The above description is only a preferred embodiment of the present invention, but the scope of the present invention is not limited thereto, and any changes or substitutions that can be easily conceived by those skilled in the art within the technical scope of the present invention are also within the scope of the present invention. Therefore, the protection scope of the present invention shall be subject to the protection scope of the claims.

Claims

1. A method for universal video compression coding that supports machine intelligence, comprising: intra-frame coding and inter-frame coding; wherein:

the intra-frame encoding section includes: for an input video frame, firstly carrying out object detection to obtain spatial position information and category information of each object; performing attribute analysis and relationship reasoning based on the spatial position information and the category information of each object to obtain attribute information of each object and a topological relationship between the objects; then, the spatial position information and the category information of each object are used as guiding information, the spatial position information of the object is used for dividing the coding unit of the input video frame, the divided coding unit is coded, and the category information of the object contained in the code stream obtained by coding is used for the video frame reconstruction process of the interframe coding part;

the inter-frame encoding section includes: reconstructing a video frame by taking an input video frame or an object as a unit, and obtaining optical flow prediction information and residual coding information through motion compensation;

entropy coding spatial position information and category information of each object obtained by the intra-frame coding part, attribute information of each object, topological relation between the objects, a coded coding unit and optical flow prediction information and residual coding information obtained by the inter-frame coding part to obtain a corresponding code stream;

the method for dividing the coding units of the input video frame by using the spatial position information and the category information of each object as the guide information and using the spatial position information of the object comprises the following steps: mapping an object to a hidden variable space to be coded according to the space position information of the object, performing semantic division on hidden variables according to the mapped space position information to obtain hidden variables to be coded corresponding to semantics, and then coding the divided hidden variables according to the sequence from top to bottom and from left to right; and the class information of the object contained in the code stream obtained by coding is used as object mark information required by a decoder in the process of reconstructing the video frame of the interframe coding part.

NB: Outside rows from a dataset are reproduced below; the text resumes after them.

Lemma RInt_reflect_odd h a b : a <= b -> continuity h ->
  (forall s, a < s < b -> h (a + b - s) = - h s) -> RInt h a b = 0.
Proof.
  intros Hab Hh Hodd.
  assert (Hex : forall u v, ex_RInt h u v) by (intros; apply ex_RInt_continuity, Hh).
  pose proof (RInt_comp_lin (V := R_CompleteNormedModule) h (-1) (a + b) a b (Hex _ _)) as Href.
  replace (-1 * a + (a + b)) with b in Href by ring.
  replace (-1 * b + (a + b)) with a in Href by ring.
  rewrite <- (opp_RInt_swap (V := R_CompleteNormedModule) h a b (Hex a b)) in Href.
  rewrite (RInt_ext _ h) in Href.
  - change (opp (RInt h a b)) with (- RInt h a b) in Href; lra.
  - rewrite Rmin_left, Rmax_right by exact Hab; intros x Hx.
    replace (-1 * x + (a + b)) with (a + b - x) by ring.
    rewrite Hodd by exact Hx; unfold scal; simpl; unfold mult; simpl; ring.
Qed.

Lemma RInt_cos_centered w a b : w <> 0 ->
  RInt (fun s => cos (w * (s - (a + b) / 2))) a b = 2 * sin (w * (b - a) / 2) / w.
Proof.
  intro Hw; apply is_RInt_unique.
  replace (2 * sin (w * (b - a) / 2) / w)
    with (minus (sin (w * (b - (a + b) / 2)) / w) (sin (w * (a - (a + b) / 2)) / w)).
  - apply (is_RInt_derive (fun s => sin (w * (s - (a + b) / 2)) / w)).
    + intros x _; auto_derive; [exact I |]; unfold Rminus; field; exact Hw.
    + intros x _; apply continuity_continuous; reg.
  - replace (w * (a - (a + b) / 2)) with (- (w * (b - a) / 2)) by field.
    replace (w * (b - (a + b) / 2)) with (w * (b - a) / 2) by field.
    rewrite sin_neg; unfold minus, plus, opp; simpl; field; exact Hw.
Qed.

(** * A smooth plateau *)

Definition flat_exp (i : nat) (x : R) : R :=
  if Rlt_dec 0 x then exp (- / x) * (/ x) ^ i else 0.

Lemma flat_exp_pos i x : 0 < x -> flat_exp i x = exp (- / x) * (/ x) ^ i.
Proof. intro Hx; unfold flat_exp; destruct (Rlt_dec 0 x); [reflexivity | lra]. Qed.

Lemma flat_exp_nonpos i x : x <= 0 -> flat_exp i x = 0.
Proof. intro Hx; unfold flat_exp; destruct (Rlt_dec 0 x); [lra | reflexivity]. Qed.

Lemma flat_exp_ge_0 i x : 0 <= flat_exp i x.
Proof.
  destruct (Rlt_le_dec 0 x) as [Hx | Hx]; [| rewrite flat_exp_nonpos; lra].
  rewrite flat_exp_pos by exact Hx.
  apply Rmult_le_pos; [apply Rlt_le, exp_pos | apply pow_le, Rlt_le, Rinv_0_lt_compat, Hx].
Qed.

Lemma flat_exp_gt_0 i x : 0 < x -> 0 < flat_exp i x.
Proof.
  intro Hx; rewrite flat_exp_pos by exact Hx.
  apply Rmult_lt_0_compat; [apply exp_pos | apply pow_lt, Rinv_0_lt_compat, Hx].
Qed.

Lemma pow_le_fact_exp n y : 0 <= y -> y ^ n <= INR (fact n) * exp y.
Proof.
  intro Hy.
  assert (Hterms : forall k, 0 <= y ^ k / INR (fact k))
    by (intro k; apply Rdiv_le_0_compat; [apply pow_le, Hy | apply INR_fact_lt_0]).
  assert (Hsum : forall m, y ^ m / INR (fact m) <= sum_f_R0 (fun k => y ^ k / INR (fact k)) m).
  { intros [|m]; cbn [sum_f_R0]; [lra |].
    enough (0 <= sum_f_R0 (fun k => y ^ k / INR (fact k)) m) by lra.
    induction m as [|m IH]; cbn [sum_f_R0]; [apply Hterms |].
    specialize (Hterms (S m)); lra. }
  pose proof (Rle_trans _ _ _ (Hsum n) (exp_ge_taylor y n Hy)) as Hn.
  pose proof (INR_fact_lt_0 n) as Hfact.
  apply (Rmult_le_compat_l (INR (fact n))) in Hn; [| lra].
  unfold Rdiv in Hn; rewrite Rmult_comm, Rmult_assoc, Rinv_l, Rmult_1_r in Hn by lra.
  exact Hn.
Qed.

(* [y ^ (i + 2) <= (i + 2)! e ^ y] with [y = 1 / x]. *)
Lemma flat_exp_le_sq i x : flat_exp i x <= INR (fact (S (S i))) * (x * x).
Proof.
  destruct (Rlt_le_dec 0 x) as [Hx | Hx];
    [| rewrite flat_exp_nonpos by exact Hx; pose proof (INR_fact_lt_0 (S (S i))); nra].
  rewrite flat_exp_pos by exact Hx.
  pose proof (pow_le_fact_exp (S (S i)) (/ x) (Rlt_le _ _ (Rinv_0_lt_compat _ Hx))) as Hb.
  assert (Hexp : exp (- / x) * exp (/ x) = 1) by (rewrite <- exp_plus, Rplus_opp_l; apply exp_0).
  replace (exp (- / x) * (/ x) ^ i)
    with (exp (- / x) * (/ x) ^ S (S i) * (x * x)) by (simpl; field; lra).
  apply Rmult_le_compat_r; [nra |].
  rewrite <- (Rmult_1_l (INR _)), <- Hexp, Rmult_assoc.
  apply Rmult_le_compat_l; [apply Rlt_le, exp_pos | lra].
Qed.

Lemma is_derive_0_of_sq_bound (F : R -> R) C :
  F 0 = 0 -> (forall h, Rabs (F h) <= C * (h * h)) -> is_derive F 0 0.
Proof.
  intros HF0 Hb; apply is_derive_Reals; intros e He.
  assert (HC : 0 <= C) by (specialize (Hb 1); pose proof (Rabs_pos (F 1)); lra).
  assert (Hd : 0 < e / (C + 1)) by (apply Rdiv_lt_0_compat; lra).
  exists (mkposreal _ Hd); intros h Hh0 Hh; simpl in Hh.
  rewrite Rplus_0_l, HF0, Rminus_0_r, Rminus_0_r.
  unfold Rdiv; rewrite Rabs_mult, Rabs_inv.
  assert (Hah : 0 < Rabs h) by (apply Rabs_pos_lt, Hh0).
  apply (Rmult_lt_reg_r (Rabs h)); [exact Hah |].
  rewrite Rmult_assoc, Rinv_l, Rmult_1_r by lra.
  apply (Rle_lt_trans _ (C * (Rabs h * Rabs h))).
  - rewrite <- Rabs_mult, (Rabs_pos_eq (h * h)) by nra; apply Hb.
  - apply (Rle_lt_trans _ ((C + 1) * Rabs h * Rabs h)); [nra |].
    apply Rmult_lt_compat_r; [exact Hah |].
    apply (Rmult_lt_reg_l (/ (C + 1))); [apply Rinv_0_lt_compat; lra |].
    rewrite <- Rmult_assoc, Rinv_l, Rmult_1_l by lra; rewrite Rmult_comm; exact Hh.
Qed.

Lemma is_derive_flat_exp i x :
  is_derive (flat_exp i) x (flat_exp (S (S i)) x - INR i * flat_exp (S i) x).
Proof.
  destruct (Rtotal_order x 0) as [Hx | [-> | Hx]].
  - rewrite !flat_exp_nonpos by lra; rewrite Rmult_0_r, Rminus_0_r.
    apply (is_derive_ext_loc (fun _ => 0)); [| apply (is_derive_const 0)].
    assert (Hp : 0 < - x) by lra; exists (mkposreal _ Hp); intros y Hy.
    apply Rabs_lt_between' in Hy; simpl in Hy.
    symmetry; apply flat_exp_nonpos; lra.
  - rewrite !flat_exp_nonpos by lra; rewrite Rmult_0_r, Rminus_0_r.
    apply (is_derive_0_of_sq_bound _ (INR (fact (S (S i))))); [apply flat_exp_nonpos; lra |].
    intro h; rewrite Rabs_pos_eq by apply flat_exp_ge_0; apply flat_exp_le_sq.
  - rewrite !flat_exp_pos by exact Hx.
    apply (is_derive_ext_loc (fun y => exp (- / y) * (/ y) ^ i)).
    + exists (mkposreal x Hx); intros y Hy.
      apply Rabs_lt_between' in Hy; simpl in Hy.
      symmetry; apply flat_exp_pos; lra.
    + auto_derive; [lra |].
      destruct i as [|j]; simpl; field; lra.
Qed.

Lemma smooth_flat_exp i : smooth (flat_exp i).
Proof.
  intro n; revert i.
  induction n as [[|[|n]] IH] using Wf_nat.lt_wf_ind; intros i x; [exact I | |].
  - eexists; apply is_derive_flat_exp.
  - apply (proj2 (ex_derive_n_SS _ n x)).
    apply (ex_derive_n_ext (fun t => flat_exp (S (S i)) t - INR i * flat_exp (S i) t)).
    + intro t; symmetry; apply is_derive_unique, is_derive_flat_exp.
    + apply ex_derive_n_minus; apply filter_forall; intros y k Hk;
        [| apply ex_derive_n_scal_l]; apply IH; lia.
Qed.

Definition bump (t : R) : R := flat_exp 0 t * flat_exp 0 (1 - t).

Definition smooth_step (x : R) : R := RInt bump 0 x / RInt bump 0 1.

Lemma smooth_bump : smooth bump.
Proof.
  apply smooth_mult; [apply smooth_flat_exp |].
  apply (smooth_ext (fun t => flat_exp 0 (-1 * t + 1))); [intro t; f_equal; ring |].
  apply smooth_comp_affine, smooth_flat_exp.
Qed.

Lemma bump_ge_0 t : 0 <= bump t.
Proof. apply Rmult_le_pos; apply flat_exp_ge_0. Qed.

Lemma bump_eq_0 t : t <= 0 \/ 1 <= t -> bump t = 0.
Proof.
  unfold bump; intros [Ht | Ht];
    [rewrite (flat_exp_nonpos 0 t) | rewrite (flat_exp_nonpos 0 (1 - t))]; (ring || lra).
Qed.

Lemma RInt_bump_gt_0 : 0 < RInt bump 0 1.
Proof.
  apply RInt_gt_0; [lra | apply smooth_continuity, smooth_bump |].
  intros x Hx; apply Rmult_lt_0_compat; apply flat_exp_gt_0; lra.
Qed.

Lemma smooth_smooth_step : smooth smooth_step.
Proof.
  apply (smooth_ext (fun x => / RInt bump 0 1 * RInt bump 0 x)); [intro x; apply Rmult_comm |].
  apply smooth_scal, smooth_RInt, smooth_bump.
Qed.

Lemma smooth_step_eq_0 x : x <= 0 -> smooth_step x = 0.
Proof.
  intro Hx; unfold smooth_step; rewrite RInt_eq_0; [unfold Rdiv; ring |].
  rewrite Rmin_right, Rmax_left by exact Hx; intros y Hy; apply bump_eq_0; lra.
Qed.

Lemma smooth_step_eq_1 x : 1 <= x -> smooth_step x = 1.
Proof.
  intro Hx; pose proof RInt_bump_gt_0.
  unfold smooth_step; rewrite <- (RInt_split bump 0 1 x) by apply smooth_continuity, smooth_bump.
  rewrite (RInt_eq_0 bump 1 x); [field; lra |].
  rewrite Rmin_left, Rmax_right by exact Hx; intros y Hy; apply bump_eq_0; lra.
Qed.

Lemma smooth_step_range x : 0 <= smooth_step x <= 1.
Proof.
  pose proof RInt_bump_gt_0 as HZ.
  destruct (Rle_lt_dec x 0) as [H0 | H0]; [rewrite smooth_step_eq_0; lra |].
  destruct (Rle_lt_dec 1 x) as [H1 | H1]; [rewrite smooth_step_eq_1; lra |].
  assert (Hc : continuity bump) by apply smooth_continuity, smooth_bump.
  pose proof (RInt_ge_0 bump 0 x ltac:(lra) (ex_RInt_continuity _ _ _ Hc) (fun y _ => bump_ge_0 y)).
  pose proof (RInt_ge_0 bump x 1 ltac:(lra) (ex_RInt_continuity _ _ _ Hc) (fun y _ => bump_ge_0 y)).
  pose proof (RInt_split bump 0 x 1 Hc).
  unfold smooth_step; split.
  - apply Rdiv_le_0_compat; lra.
  - apply (Rmult_le_reg_r (RInt bump 0 1)); [exact HZ |].
    unfold Rdiv; rewrite Rmult_assoc, Rinv_l; lra.
Qed.

Definition plateau (a b d t : R) : R :=
  smooth_step ((t - a) / d - 1) * smooth_step ((b - t) / d - 1).

Section Plateau.

Variables a b d : R.
Hypothesis Hd : 0 < d.

Lemma smooth_plateau : smooth (plateau a b d).
Proof.
  apply smooth_mult.
  - apply (smooth_ext (fun t => smooth_step (/ d * t + (- a / d - 1))));
      [intro t; f_equal; field; lra |].
    apply smooth_comp_affine, smooth_smooth_step.
  - apply (smooth_ext (fun t => smooth_step (- / d * t + (b / d - 1))));
      [intro t; f_equal; field; lra |].
    apply smooth_comp_affine, smooth_smooth_step.
Qed.

Lemma plateau_range t : 0 <= plateau a b d t <= 1.
Proof.
  unfold plateau; pose proof (smooth_step_range ((t - a) / d - 1)).
  pose proof (smooth_step_range ((b - t) / d - 1)); nra.
Qed.

Lemma plateau_eq_0 t : t <= a + d \/ b - d <= t -> plateau a b d t = 0.
Proof.
  unfold plateau; intros [Ht | Ht];
    [rewrite (smooth_step_eq_0 ((t - a) / d - 1)) | rewrite (smooth_step_eq_0 ((b - t) / d - 1))];
    try ring; apply Rle_minus, (proj1 (Rdiv_le_1 _ d Hd)); lra.
Qed.

Lemma plateau_eq_1 t : a + 2 * d <= t <= b - 2 * d -> plateau a b d t = 1.
Proof.
  intro Ht; unfold plateau.
  rewrite !smooth_step_eq_1; [ring | |]; apply (Rmult_le_reg_r d); try exact Hd; field_simplify; lra.
Qed.

Lemma plateau_sym t : plateau a b d (a + b - t) = plateau a b d t.
Proof.
  unfold plateau; replace (a + b - t - a) with (b - t) by ring.
  replace (b - (a + b - t)) with (t - a) by ring; apply Rmult_comm.
Qed.

End Plateau.

Lemma RInt_plateau_defect W a b d : 0 < d -> 4 * d <= b - a -> continuity W ->
  (forall t, a < t < b -> 0 <= W t <= 1) ->
  RInt (fun s => (1 - plateau a b d s) * W s) a b <= 4 * d.
Proof.
  intros Hd Hab HW HW1.
  assert (Hc : continuity (fun s => (1 - plateau a b d s) * W s)).
  { pose proof (smooth_continuity _ (smooth_plateau a b d Hd)); reg. }
  assert (Hle : forall u v, a <= u -> u <= v -> v <= b ->
    RInt (fun s => (1 - plateau a b d s) * W s) u v <= 1 * (v - u)).
  { intros u v Hu Huv Hv; apply RInt_le_const; auto; intros x Hx.
    pose proof (plateau_range a b d x); specialize (HW1 x ltac:(lra)); nra. }
  rewrite <- (RInt_split _ a (b - 2 * d) b Hc), <- (RInt_split _ a (a + 2 * d) (b - 2 * d) Hc).
  rewrite (RInt_eq_0 _ (a + 2 * d) (b - 2 * d)).
  - pose proof (Hle a (a + 2 * d) ltac:(lra) ltac:(lra) ltac:(lra)).
    pose proof (Hle (b - 2 * d) b ltac:(lra) ltac:(lra) ltac:(lra)); lra.
  - rewrite Rmin_left, Rmax_right by lra; intros x Hx.
    rewrite plateau_eq_1 by lra; ring.
Qed.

2. The method of claim 1, wherein the relational inference comprises: spatial relationship reasoning and semantic relationship reasoning;

carrying out spatial relationship reasoning by utilizing the spatial position information of each object to obtain the spatial relationship among the objects;

performing semantic relation reasoning by utilizing the category information of the objects to obtain the semantic relation among the objects;

the spatial relationship and the semantic relationship form a topological relationship.

3. The method of claim 1, wherein the stream structure of the intra-frame coding part is: object header information, object attribute information, and an object information stream;

wherein the object header information includes: spatial position information, category information and topological relation information of the object; the object information stream includes: and images corresponding to the objects and the background.